Siamo impreparati all'oggi, quindi. Ma, per una qualche forma di fortuna, è già tempo di domani. Siamo di fronte ad una profonda trasformazione della realtà circostante. Cambia la politica, cambia l'economia, cambia il lavoro, cambia il rapporto tra il qui e l'altrove, cambia l'equilibrio tra nazionale e territori, cambia la Chiesa... O le Acli sapranno nuovamente e profondamente trasformarsi, dando gambe alla quarta fedeltà (quella più recente e meno approfondita, quella al futuro) o non avranno un futuro. Che poi, che le Acli abbiano un futuro non è né dovere né obiettivo. Le Acli restano sempre solo uno strumento. Per migliorare il mondo. Se non riescono a trovare un modo per migliorarlo, non serve che abbiano un futuro.

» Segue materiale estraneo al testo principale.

(* The function $\underline\Gamma(b):=\min_{0\le a\le b}\Gamma(a,b)$, $b\ge0$, is continuous and strictly decreasing, and $\underline\Gamma(b)\to-\infty$ as $b\to\infty$. For each $b>0$, the function $a\mapsto\Gamma(a,b)$ on $[0,b]$ has a unique minimizer $a(b)$. This minimizer is either $0$, or it is the unique $\hat a\in(0,b)$ with $\gamma(\hat a,b)=0$. Define $(a^*,b^* )$ as follows. If $\Gamma(0,0)=\delta-q\rho-\beta\psi_X'(0+)\le0$, set $a^*=b^*=0$. Otherwise, let $b^*>0$ be the unique root of $\underline\Gamma(b^* )=0$ and set $a^*=a(b^* )$. Then exactly one of the following holds: (i) $a^*=b^*=0$ and $\delta-q\rho-\beta\psi_X'(0+)\le0$; (ii-1) $a^*=0<b^*$, $\Gamma(0,b^* )=0$, $\beta^{-1}-Z^{(q)}(b^* )\ge0$, and $\delta-q\rho-\beta\psi_X'(0+)>0$; (ii-2) $0<a^*<b^*$, $\Gamma(a^*,b^* )=\gamma(a^*,b^* )=0$, and $\delta-q\rho-\beta\psi_X'(0+)>0$.
   Context: Let $Y$ be a spectrally positive Lévy process (no negative jumps, not a subordinator) with Laplace exponent $\psi_Y(\theta)=\log\mathbb E[e^{-\theta Y_1}]$, $\theta\ge0$, and $\mathbb E[Y_1]=-\psi_Y'(0+)<\infty$. Fix $q>0$, $\delta>0$, $\beta\in(0,1)$, $\rho\in\mathbb R$. Let $X_t=Y_t-\delta t$, with $\psi_X(\theta)=\psi_Y(\theta)+\delta\theta$. Scale functions: $\mathbb W^{(q)}$ (resp. $W^{(q)}$) is the function $\mathbb R\to[0,\infty)$ that vanishes on $(-\infty,0)$, is continuous and strictly increasing on $[0,\infty)$, and has Laplace transform $\int_0^\infty e^{-\theta x}\mathbb W^{(q)}(x)\,dx=1/(\psi_Y(\theta)-q)$ (resp. $1/(\psi_X(\theta)-q)$) for $\theta$ large enough. Set $\mathbb Z^{(q)}(x)=1+q\int_0^x\mathbb W^{(q)}(y)\,dy$, $Z^{(q)}(x)=1+q\int_0^xW^{(q)}(y)\,dy$, $\overline Z^{(q)}(x)=\int_0^xZ^{(q)}(z)\,dz$, all with the conventions $Z^{(q)}=1$ and $\overline Z^{(q)}(x)=x$ for $x\le0$. Let $R^{(q)}(z)=\overline Z^{(q)}(z)+\psi_X'(0+)/q$ and $$\tilde r^{(q)}_c(z)=R^{(q)}(z)+\delta\int_c^z\mathbb W^{(q)}(z-y)Z^{(q)}(y)\,dy.$$ For $0\le a\le b$, define $$\Gamma(a,b)=\delta\mathbb Z^{(q)}(a)-q\rho-q\beta\,\tilde r^{(q)}_{b-a}(b),\qquad \gamma(a,b)=\beta^{-1}-Z^{(q)}(b-a).$$ *)

From Stdlib Require Import Reals Lra Classical ClassicalEpsilon.
Open Scope R_scope.
Lemma prim_odd (x : R) : prim f (- x) = - prim f x.
Proof.
  assert (Hneg : is_RInt (fun y => opp (f (- y))) 0 x (prim f (- x))).
  { apply (is_RInt_comp_opp (V := R_NormedModule)); rewrite Ropp_0; apply is_RInt_prim. }
  assert (Hopp : is_RInt (fun y => opp (f y)) 0 x (opp (prim f x))).
  { apply (is_RInt_opp (V := R_NormedModule)), is_RInt_prim. }
  change (- prim f x) with (opp (prim f x)).
  rewrite <- (is_RInt_unique (V := R_CompleteNormedModule) _ _ _ _ Hneg).
  rewrite <- (is_RInt_unique (V := R_CompleteNormedModule) _ _ _ _ Hopp).
  apply (RInt_ext (V := R_CompleteNormedModule)); intros y _; rewrite f_even; reflexivity.
Qed.

Lemma prim_incr (x y : R) : x < y -> prim f x < prim f y.
Proof.
  intros Hxy; apply (incr_function (prim f) m_infty p_infty f); try easy.
  - intros; apply is_derive_prim.
  - intros; apply f_pos.
Qed.

Lemma prim_le (x y : R) : x <= y -> prim f x <= prim f y.
Proof. intros [Hxy | ->]; [left; apply prim_incr, Hxy | right; reflexivity]. Qed.

Lemma prim_nonneg (x : R) : 0 <= x -> 0 <= prim f x.
Proof. intros Hx; rewrite <- prim_0; apply prim_le, Hx. Qed.

Variable A : R.
Hypothesis prim_lim : is_lim (prim f) p_infty A.

Lemma prim_le_lim (x : R) : prim f x <= A.
Proof. exact (incr_le_is_lim_p_infty (prim f) A x prim_le prim_lim). Qed.

Lemma prim_lim_pos : 0 < A.
Proof. pose proof (prim_incr 0 1 Rlt_0_1); pose proof (prim_le_lim 1); rewrite prim_0 in *; lra. Qed.

Lemma is_RInt_gen_m_infty_prim (x : R) :
  is_RInt_gen f (Rbar_locally m_infty) (at_point x) (A + prim f x).
Proof.
  apply (is_RInt_gen_Chasles (V := R_NormedModule) f 0 A (prim f x)).
  - apply (is_RInt_gen_m_infty f (fun y => prim f (- y))).
    + intros y; rewrite prim_odd; apply (is_RInt_swap (V := R_NormedModule)), is_RInt_prim.
    + apply (is_lim_comp (prim f) Ropp m_infty A p_infty); [exact prim_lim | |].
      * apply is_lim_spec; intros M; exists (- M); intros y Hy; simpl; lra.
      * exists 0; intros; discriminate.
  - apply is_RInt_gen_at_point, is_RInt_prim.
Qed.

Lemma is_RInt_gen_prim_total :
  is_RInt_gen f (Rbar_locally m_infty) (Rbar_locally p_infty) (2 * A).
Proof.
  replace (2 * A) with (plus (A + prim f 0) A) by (rewrite prim_0; unfold plus; simpl; ring).
  apply (is_RInt_gen_Chasles (V := R_NormedModule) f 0).
  - apply is_RInt_gen_m_infty_prim.
  - exact (is_RInt_gen_p_infty f (prim f) 0 A is_RInt_prim prim_lim).
Qed.

Lemma is_derive_cdf (x : R) : is_derive (cdf f A) x (f x / (2 * A)).
Proof.
  pose proof prim_lim_pos.
  apply (is_derive_ext (fun y => / (2 * A) * (A + prim f y))).
  { intros y; apply Rmult_comm. }
  replace (f x / (2 * A)) with (/ (2 * A) * (0 + f x)) by (field; lra).
  apply is_derive_scal, (is_derive_plus (fun _ => A) (prim f)).
  - apply (is_derive_const (K := R_AbsRing) (V := R_NormedModule)).
  - apply is_derive_prim.
Qed.

Lemma cdf_incr (x y : R) : x < y -> cdf f A x < cdf f A y.
Proof.
  intros Hxy; pose proof prim_lim_pos; unfold cdf.
  apply Rmult_lt_compat_r; [apply Rinv_0_lt_compat; lra |].
  pose proof (prim_incr x y Hxy); lra.
Qed.

Lemma Rmin_cdf (x : R) :
  Rmin (cdf f A x) (1 - cdf f A x) = (A - prim f (Rabs x)) / (2 * A).
Proof.
  pose proof prim_lim_pos.
  assert (Hc : 1 - cdf f A x = (A - prim f x) / (2 * A)) by (unfold cdf; field; lra).
  assert (Hk : 0 <= / (2 * A)) by (left; apply Rinv_0_lt_compat; lra).
  rewrite Hc; unfold cdf, Rdiv.
  destruct (Rle_lt_dec 0 x) as [Hx | Hx].
  - pose proof (prim_nonneg x Hx).
    rewrite Rabs_pos_eq, Rmin_right by (try apply Rmult_le_compat_r; lra).
    reflexivity.
  - pose proof (prim_nonneg (- x) ltac:(lra)); rewrite prim_odd in *.
    rewrite Rabs_left, Rmin_left by (try apply Rmult_le_compat_r; lra).
    rewrite prim_odd; f_equal; ring.
Qed.

End EvenDensity.

Definition laplace (y : R) : R := / 2 * exp (- Rabs y).

Lemma laplace_cont (x : R) : continuous laplace x.
Proof.
  apply (continuous_scal_r (K := R_AbsRing) (V := R_NormedModule) (/ 2) (fun y => exp (- Rabs y))).
  apply (continuous_comp (fun y => - Rabs y) exp).
  - apply (continuous_opp (V := R_NormedModule) Rabs), continuous_Rabs.
  - apply (ex_derive_continuous (K := R_AbsRing) (V := R_NormedModule)).
    eexists; apply is_derive_exp.
Qed.

Lemma laplace_even (x : R) : laplace (- x) = laplace x.
Proof. unfold laplace; rewrite Rabs_Ropp; reflexivity. Qed.

Lemma laplace_pos (x : R) : 0 < laplace x.
Proof. unfold laplace; pose proof (exp_pos (- Rabs x)); lra. Qed.

Lemma prim_laplace (x : R) : 0 <= x -> prim laplace x = (1 - exp (- x)) / 2.
Proof.
  intros Hx.
  assert (HF : is_RInt laplace 0 x (minus (- exp (- x) / 2) (- exp (- 0) / 2))).
  { apply (is_RInt_derive (V := R_CompleteNormedModule) (fun y => - exp (- y) / 2)).
    - intros y Hy; rewrite Rmin_left, Rmax_right in Hy by lra.
      unfold laplace; rewrite Rabs_pos_eq by lra.
      auto_derive; [exact I | field].
    - intros; apply laplace_cont. }
  unfold prim; rewrite (is_RInt_unique _ _ _ _ HF).
  unfold minus, plus, opp; simpl; rewrite Ropp_0, exp_0; field.
Qed.
(* For all graphs $G$ and $H$: $G$ and $H$ are distinguishable by EB-1WL if and only if they are distinguishable by $\mathrm{CFOC}^3$, i.e. there is a $\mathrm{CFOC}^3$ sentence $\phi$ with $G\models\phi$ and $H\not\models\phi$.
   Context: All graphs are finite, simple and undirected, without isolated vertices; $N(v)$ denotes the neighborhood of $v$. An ordered edge of $G=(V,E)$ is a pair $(u,v)$ with $\{u,v\}\in E$. EB-1WL coloring: $\mathrm{eb}^{(0)}(G,(u,v))=1$ for every ordered edge, and $\mathrm{eb}^{(\ell+1)}(G,(u,v)) = \big(\mathrm{eb}^{(\ell)}(G,(u,v)),\ \{\!\{\mathrm{eb}^{(\ell)}(G,(u,x)) : x\in N(u)\}\!\},\ \{\!\{(\mathrm{eb}^{(\ell)}(G,(u,y)),\mathrm{eb}^{(\ell)}(G,(v,y))) : y\in N(u)\cap N(v)\}\!\},\ \{\!\{\mathrm{eb}^{(\ell)}(G,(v,z)) : z\in N(v)\}\!\}\big)$. $\mathrm{eb}^{(\ell)}(G)$ is the multiset of $\mathrm{eb}^{(\ell)}(G,(u,v))$ over all ordered edges. Graphs are distinguishable by EB-1WL if they have different numbers of vertices or there is $\ell$ with $\mathrm{eb}^{(\ell)}(G)\neq\mathrm{eb}^{(\ell)}(H)$. Logic: first-order logic over the vocabulary with one binary relation $E$, where $E(x,y)$ holds of $(u,v)$ iff $\{u,v\}$ is an edge. For a tuple $\bar x=(x_1,\dots,x_n)$ of distinct variables, $\mathrm{clique}(\bar x):=\bigwedge_{1\le i<j\le n}E(x_i,x_j)$ (empty conjunction = true). CFOC (clique-based first-order logic with counting) is the smallest set of formulas such that: (1) $\mathrm{clique}(\bar x)$ is in CFOC for any tuple of distinct variables; (2) if $\phi(\bar x)\in$ CFOC then $\mathrm{clique}(\bar x)\wedge\neg\phi(\bar x)\in$ CFOC; (3) if $\phi(\bar x),\psi(\bar y)\in$ CFOC then $\mathrm{clique}(\bar z)\wedge(\phi(\bar x)\star\psi(\bar y))\in$ CFOC for $\star\in\{\wedge,\vee\}$, where $\bar z$ lists each variable of $\bar x$ and $\bar y$ exactly once; (4) if $\phi(\bar x,y)\in$ CFOC then $\mathrm{clique}(\bar x)\wedge\exists^{\ge k}y\,\phi(\bar x,y)\in$ CFOC for every integer $k\ge1$, where $\exists^{\ge k}y\,\phi$ means there are at least $k$ vertices $v$ such that $\phi$ holds with $y=v$. Here $\phi(\bar x)$ means the free variables of $\phi$ are exactly those in $\bar x$. $\mathrm{CFOC}^3$ consists of the CFOC formulas using at most three distinct variables; a sentence is a formula with no free variables. *)

From mathcomp Require Import all_boot.
Set Implicit Arguments.
Unset Strict Implicit.
Unset Printing Implicit Defensive.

Dispiace, certo, e pure molto, ma se non partiamo da qui credo che non ci muoviamo nella giusta direzione.
Se non fossimo arrivati impreparati all'oggi in questo momento staremmo scegliendo il futuro presidente in una rosa di diversi candidati con diverse visioni di futuro, e diverse ipotesi di mission per le Acli. Ma non è questa la situazione. Allora la scelta non può che essere in base alla capacità di guidare il processo che porta ad identificare l'idea di missione ed identità per le Acli per il presente e futuro (da cui poi deriva l'assetto e il modello organizzativo e tutto il resto). Non possiamo permetterci di scegliere pensando a chi meglio gestisce l'attuale assetto, quello che lo organizza meglio o lo difende meglio (da attacchi interni od esterni) o (parole orrende ma di moda) lo moralizza o efficientizza. Dobbiamo scegliere pensando a chi sa aiutare le Acli di oggi a chiedersi se avranno ancora senso domani.

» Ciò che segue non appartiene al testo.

(* The maps $\mathfrak{F}_{\pm}$ are diffeomorphisms.
   Context: On the De Sitter–Kerr spacetime (Boyer–Lindquist coordinates $(t,r,\theta,\phi)$, $r\in(r_-,r_+)$), fix $r_0\in(r_-,r_+)$ and let $T(r)=\int_{r_0}^r\frac{\lambda(a^2+r^2)}{\Delta_r}dr$, $A(r)=\int_{r_0}^r\frac{\lambda a}{\Delta_r}dr$ (increasing homeomorphisms $(r_-,r_+)\to\mathbb{R}$). ${}^*$Kerr coordinates: $({}^*t,r,\theta,{}^*\phi)=(t-T(r),r,\theta,\phi-A(r))$; Kerr${}^*$ coordinates: $(t^*,r,\theta,\phi^* )=(t+T(r),r,\theta,\phi+A(r))$. The future horizons are $\mathfrak{H}^{future}_+=\mathbb{R}_{{}^*t}\times\{r_+\}\times\mathbb{S}^2$ and $\mathfrak{H}^{future}_-=\mathbb{R}_{t^*}\times\{r_-\}\times\mathbb{S}^2$, and $\Sigma_0=\{t=0\}$. Define $\mathfrak{F}_+:\Sigma_0\to\mathfrak{H}^{future}_+$, $(0,r,\theta,\phi)\mapsto(-T(r),r_+,\theta,\phi-A(r))_{{}^*\mathrm{Kerr}}$ (mapping the intersection of an outgoing principal null geodesic with $\Sigma_0$ to its intersection with $\mathfrak{H}^{future}_+$), and $\mathfrak{F}_-:\Sigma_0\to\mathfrak{H}^{future}_-$ similarly (along incoming principal null geodesics, in Kerr${}^*$ coordinates). *)

From HB Require Import structures.
From mathcomp Require Import all_boot all_order all_algebra.
From mathcomp Require Import all_classical all_reals all_analysis.
Set Implicit Arguments. Unset Strict Implicit. Unset Printing Implicit Defensive.
Import Order.TTheory GRing.Theory Num.Theory.
Import numFieldNormedType.Exports.
Local Open Scope classical_set_scope.
Local Open Scope ring_scope.

Section DSK.
Variable R : realType.

(** De Sitter–Kerr metric functions (mass M, angular momentum a, cosmological constant Lam). *)
Definition Delta_r (M a Lam r : R) : R :=
  (r ^+ 2 + a ^+ 2) * (1 - Lam * r ^+ 2 / 3) - 2 * M * r.
Definition lambdaK (a Lam : R) : R := 1 + Lam * a ^+ 2 / 3.

Definition oint (f : R -> R) (x0 x : R) : R :=
  if x0 <= x then Rintegral lebesgue_measure `[x0, x] f
  else - Rintegral lebesgue_measure `[x, x0] f.

Definition Tfun (M a Lam r0 r : R) : R :=
  oint (fun s => lambdaK a Lam * (a ^+ 2 + s ^+ 2) / Delta_r M a Lam s) r0 r.
Definition Afun (M a Lam r0 r : R) : R :=
  oint (fun s => lambdaK a Lam * a / Delta_r M a Lam s) r0 r.

Definition mk4 (x0 x1 x2 x3 : R) : 'rV[R]_4 :=
  \row_(i < 4) [:: x0; x1; x2; x3]`_i.
Definition c4 (v : 'rV[R]_4) (i : nat) : R := v ord0 (inord i).

(** S^2 is the unit sphere of R^3, with (sin th cos ph, sin th sin ph, cos th)
   the point of polar coordinates (th, ph).
   Sigma_0 = {t = 0} ~ (r_-, r_+) x S^2 with coordinates (r, omega),
   embedded in R^4 as (r, omega). *)
Definition Sigma0 (rm rp : R) : set 'rV[R]_4 :=
  [set v | rm < c4 v 0 < rp /\ c4 v 1 ^+ 2 + c4 v 2 ^+ 2 + c4 v 3 ^+ 2 = 1].

(** A future horizon R_{s} x {r_pm} x S^2, with coordinates (s, omega)
   (s = *t for H_+, s = t^* for H_-), embedded in R^4 as (s, omega). *)
Definition Horizon : set 'rV[R]_4 :=
  [set v | c4 v 1 ^+ 2 + c4 v 2 ^+ 2 + c4 v 3 ^+ 2 = 1].

(** (s, omega) with omega rotated by angle al about the axis (phi -> phi + al). *)
Definition shift_rot (s al : R) (v : 'rV[R]_4) : 'rV[R]_4 :=
  mk4 s (cos al * c4 v 1 - sin al * c4 v 2)
        (sin al * c4 v 1 + cos al * c4 v 2) (c4 v 3).

(** F_+ : (0, r, th, ph) |-> (-T r, r_+, th, ph - A r) in *Kerr coordinates. *)
Definition Fplus (M a Lam r0 : R) (v : 'rV[R]_4) : 'rV[R]_4 :=
  shift_rot (- Tfun M a Lam r0 (c4 v 0)) (- Afun M a Lam r0 (c4 v 0)) v.
(** F_- : (0, r, th, ph) |-> (T r, r_-, th, ph + A r) in Kerr* coordinates. *)
Definition Fminus (M a Lam r0 : R) (v : 'rV[R]_4) : 'rV[R]_4 :=
  shift_rot (Tfun M a Lam r0 (c4 v 0)) (Afun M a Lam r0 (c4 v 0)) v.

Fixpoint iterD (vs : seq 'rV[R]_4) (f : 'rV[R]_4 -> 'rV[R]_4) : 'rV[R]_4 -> 'rV[R]_4 :=
  match vs with
  | [::] => f
  | v :: vs' => fun x => derive (iterD vs' f) x v
  end.

Definition smooth_on (U : set 'rV[R]_4) (f : 'rV[R]_4 -> 'rV[R]_4) : Prop :=
  open U /\
  forall vs : seq 'rV[R]_4,
    (forall x v, U x -> derivable (iterD vs f) x v) /\
    (forall x, U x -> {for x, continuous (iterD vs f)}).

Cosa serve per guidare questo processo? Non l'identikit di un astratto presidente ideale. Ma alcune caratteristiche (in ordine sparso, quasi un elenco provvisorio e incompleto) della direzione nella quale il presidente (assieme a tutta la squadra) che verrà dovrà muoversi. Chiunque esso sia. Prima di tutto, prendere sul serio la domanda di senso sulle Acli (cercare il senso prima del consenso). Non perdere la capacità di ascoltare, pensare e discernere. Cercare maestri e circondarsi di profeti. Non perdere mai di vista l'obiettivo del bene comune e del mondo da migliorare. Dare tempo e spazio alla Parola. Trovare l'equilibrio per sorreggere la solitudine del ruolo e l'inquietudine del compito, evitando che diventino insostenibili (per sé, per la squadra, per il movimento). Avere compagni di strada fidati e un rapporto sereno con consenso, tempo, potere e soldi (sapendo che creano dipendenze). Evitare di affogare nella gestione dei problemi contingenti. Ma anche esercitare la verifica di coerenza tra obiettivi ed azioni e tra bisogni e risposte. Saper intuire, valorizzare, collegare, interpretare. Dare strada senza farsi strada. Usare più la capacità di convincere che quella di vincere. Attivare la collaborazione (se si ha un ruolo di vertice, questo si può fare solo con la convinzione che da soli non si ha la capacità di svolgere il compito, altrimenti al massimo si attiva coordinamento). Esercitare più leadership che managment (in un'organizzazione servono entrambe ma dalla prima mi aspetto la ricerca del nuovo paradigma, dalla seconda l'azione, anche competente e creativa, all'interno del paradigma dato). Saper innescare la generatività già presente nella squadra e nel movimento. “Lasciate alle spalle le sirene dell’onnipotenza, la persona generativa non si pensa come un dio capace di evocare qualsiasi cosa, ma più modestamente come una levatrice che può aiutare a far nascere ciò che matura attorno a sé e che, per venire alla luce, ha bisogno di dedizione”.

Il gancetto:
La collana Profili (come ho detto a cena) è un modo per rendere omaggio a quei giusti. E (se non vado errata) è stata inventata proprio da Pino Trotta. Sono 3 anni che non esce. Riprendiamola. Non è questione di soldi. Facciamolo solo on line. Ma curiamo la memoria, piantiamo le piante nel giardino dei giusti.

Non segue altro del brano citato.